# First Pen & Pen Press



## Kerux44 (Oct 25, 2007)

Here is my first pen ever. Atlas, Ambrosia Maple.










Here is the pen press that my 11 year old and I had made yesterday. 









Here is Josh's first pen. Slimline, Bubinga. He made this for his mother to give to her Secret Sister.










Here is Josh working at it.


----------



## littlebuddha (Aug 25, 2007)

Hi i love maple, nice pen and i rekon that is a lot better grained than the pic gives out, i see the press a good while back and thought of doing it, does it work well. I use a bit of hard wood i shaped up and put in my pillar drill and use to press works okay but now and then if you don't watch it will mess up. Nice to see you getting your lad into turning, i wanted to be a carpenter from the age of 8, my perants got me full tool kit for christmas when i was 8. My Niece loves to have a go when she comes, made her mum a lace bobbin and was well happy, made a real nice job as well for her first go, a natural. Looks like your lad is going to do some nice work. keep it up..LB.


----------



## Kerux44 (Oct 25, 2007)

Editing post....bye bye.


----------



## Kerux44 (Oct 25, 2007)

littlebuddha said:


> My apolls Kerux44 and to the rest of the forum that might read this LB


No problem, heartless people like that needs a dressing down every once in a while. :boxing: 
He should flow into my dyslexic world for awhile.

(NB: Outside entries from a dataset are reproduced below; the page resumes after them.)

Lemma density_le_of_window_le A p c : (0 < p)%nat ->
  (forall a, (count_from A a p <= c)%nat) -> Rbar_le (density A) (INR c / INR p).
Proof.
  intros Hp Hwin. apply LimSup_le_of_upper with (K := INR p). intros N.
  apply ratio_le_of_mul_le; [lia | lia |].
  rewrite count_in_count_from.
  set (m := (2 * N + 1)%nat).
  pose proof (Nat.div_mod_eq m p). pose proof (Nat.mod_upper_bound m p ltac:(lia)).
  pose proof (count_from_windows_le A p c Hwin (m / p) (m mod p) (- Z.of_nat N)).
  replace (m / p * p + m mod p)%nat with m in * by lia.
  nia.
Qed.

Lemma density_periodic A p : (0 < p)%nat -> (forall x, A (x + Z.of_nat p)%Z <-> A x) ->
  density A = INR (count_from A 0 p) / INR p.
Proof.
  intros Hp Hper. apply LimSup_squeeze with (K := INR p). intros N.
  rewrite count_in_count_from.
  set (m := (2 * N + 1)%nat). set (c := count_from A 0 p).
  pose proof (Nat.div_mod_eq m p). pose proof (Nat.mod_upper_bound m p ltac:(lia)).
  assert (Hsplit : count_from A (- Z.of_nat N) m = (m / p * c +
    count_from A (- Z.of_nat N + Z.of_nat (m / p * p)) (m mod p))%nat).
  { replace m with (m / p * p + m mod p)%nat at 1 by lia.
    now rewrite count_from_add, (count_from_periodic_windows A p Hper). }
  pose proof (count_from_le A (- Z.of_nat N + Z.of_nat (m / p * p)) (m mod p)).
  pose proof (count_from_le A 0 p : (c <= p)%nat).
  split; [apply ratio_ge_of_mul_le | apply ratio_le_of_mul_le]; try lia; nia.
Qed.

Lemma density_le_of_independent n A : (2 <= n)%nat ->
  independent (1%Z :: 3%Z :: (2 * Z.of_nat n)%Z :: nil) A ->
  Rbar_le (density A) (INR n / INR (2 * n + 3)).
Proof.
  intros Hn HA. apply density_le_of_window_le; [lia|].
  apply count_window; [exact Hn | ..];
    apply (independent_avoids _ _ _ HA); cbn [In]; auto; lia.
Qed.

Definition alternating_blocks (n : nat) (x : Z) : Prop :=
  ((x mod (2 * Z.of_nat n + 3)) mod 2 = 0 /\ x mod (2 * Z.of_nat n + 3) <= 2 * Z.of_nat n - 2)%Z.

Lemma alternating_blocks_independent n : (2 <= n)%nat ->
  independent (1%Z :: 3%Z :: (2 * Z.of_nat n)%Z :: nil) (alternating_blocks n).
Proof.
  intros Hn x y [Hx_even Hx_le] [Hy_even Hy_le] Hdist. cbn [In] in Hdist.
  set (p := (2 * Z.of_nat n + 3)%Z) in *.
  pose proof (Z.div_mod x p ltac:(lia)). pose proof (Z.mod_pos_bound x p ltac:(lia)).
  pose proof (Z.div_mod y p ltac:(lia)). pose proof (Z.mod_pos_bound y p ltac:(lia)).
  pose proof (Z.div_mod (x mod p) 2 ltac:(lia)). pose proof (Z.div_mod (y mod p) 2 ltac:(lia)).
  set (k := (x / p - y / p)%Z).
  assert (Hk : (k = 0 \/ k = 1 \/ k = -1 \/ 2 <= k \/ k <= -2)%Z) by lia.
  assert (Hpk : (x - y = p * k + 2 * ((x mod p) / 2 - (y mod p) / 2))%Z) by (unfold k; lia).
  assert (Hpk_bound : ((2 <= k -> 2 * p <= p * k) /\ (k <= -2 -> p * k <= -2 * p))%Z) by nia.
  clearbody k. destruct Hk as [ -> | [ -> | [ -> | ]]]; lia.
Qed.

Lemma alternating_blocks_periodic n x :
  alternating_blocks n (x + Z.of_nat (2 * n + 3))%Z <-> alternating_blocks n x.
Proof.
  unfold alternating_blocks.
  replace (x + Z.of_nat (2 * n + 3))%Z with (x + 1 * (2 * Z.of_nat n + 3))%Z by lia.
  rewrite Z.mod_add by lia. tauto.
Qed.

Lemma alternating_blocks_small n x : (0 <= x < 2 * Z.of_nat n + 3)%Z ->
  alternating_blocks n x <-> (x mod 2 = 0 /\ x <= 2 * Z.of_nat n - 2)%Z.
Proof. intros Hx. unfold alternating_blocks. now rewrite (Z.mod_small x). Qed.

Lemma count_alternating_blocks_prefix n j : (j <= n)%nat ->
  count_from (alternating_blocks n) 0 (2 * j) = j.
Proof.
  induction j as [|j IH]; intros Hj; [reflexivity|].
  replace (2 * S j)%nat with (2 * j + 2)%nat by lia.
  rewrite count_from_add, IH by lia. cbn [count_from].
  rewrite (indicator_in (alternating_blocks n)), (indicator_notin (alternating_blocks n)).
  - lia.
  - rewrite alternating_blocks_small by lia. intros [Hodd _]. Z.div_mod_to_equations; lia.
  - apply alternating_blocks_small; [lia|]. split; [Z.div_mod_to_equations|]; lia.
Qed.

Lemma count_alternating_blocks n : (2 <= n)%nat ->
  count_from (alternating_blocks n) 0 (2 * n + 3) = n.
Proof.
  intros Hn. rewrite count_from_add, count_alternating_blocks_prefix by lia. cbn [count_from].
  rewrite !(indicator_notin (alternating_blocks n)); try lia;
    rewrite alternating_blocks_small by lia; lia.
Qed.

Lemma density_alternating_blocks n : (2 <= n)%nat ->
  density (alternating_blocks n) = INR n / INR (2 * n + 3).
Proof.
  intros Hn. rewrite (density_periodic _ (2 * n + 3)); [| lia | apply alternating_blocks_periodic].
  now rewrite count_alternating_blocks.
Qed.

Theorem theorem27 (i : Z) (hi : (2 <= i)%Z) :
  indep_ratio (1%Z :: 3%Z :: (2 * i)%Z :: nil) = Finite (IZR i / IZR (2 * i + 3)).
Proof.
  set (n := Z.to_nat i).
  assert (Hn : (2 <= n)%nat) by lia.
  replace i with (Z.of_nat n) by lia.
  replace (IZR (Z.of_nat n) / IZR (2 * Z.of_nat n + 3)) with (INR n / INR (2 * n + 3))
    by (rewrite !INR_IZR_INZ; do 3 f_equal; lia).
  apply is_lub_Rbar_unique. split.
  - intros r [A [HA Hdens]]. rewrite <- Hdens. exact (density_le_of_independent n A Hn HA).
  - intros b Hb. apply Hb. exists (alternating_blocks n).
    split; [apply alternating_blocks_independent | apply density_alternating_blocks]; exact Hn.
Qed.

Thanks for the comments, the pen press works just fine, it took only a few hours to do. The only thing I'm starting to contemplate is that little stopper block first pen was just fine, the second pen it wanted to turn in the peg. Not being perfectly center.


----------



## Daren (Oct 14, 2006)

Welcome Kerux44. Cool pen and homemade press. This is bit of a belated welcome, I have seen and liked your other posted pictures. Please continue, I like pictures :thumbsup:.


----------



## joasis (Sep 15, 2006)

Nice work!

Now, if a few of you notice a few posts are no longer here, it is because we will tolerate no personal attacks. If you take exception to this, then feel free to contact the moderators or our administrator, Nathan. We will keep this entire site clean.


----------



## TexasTimbers (Oct 17, 2006)

hey kerux that is a nice piece of work.


----------



## Mitch Cholewinski (Mar 11, 2007)

Kerux
Congratulations on your first pen,well done. You can be proud of yourself for getting your young son involved. I am sure he loved working with his dad. He will remember that pen and the experience of making it forever. Good man Kerux. Mitch


----------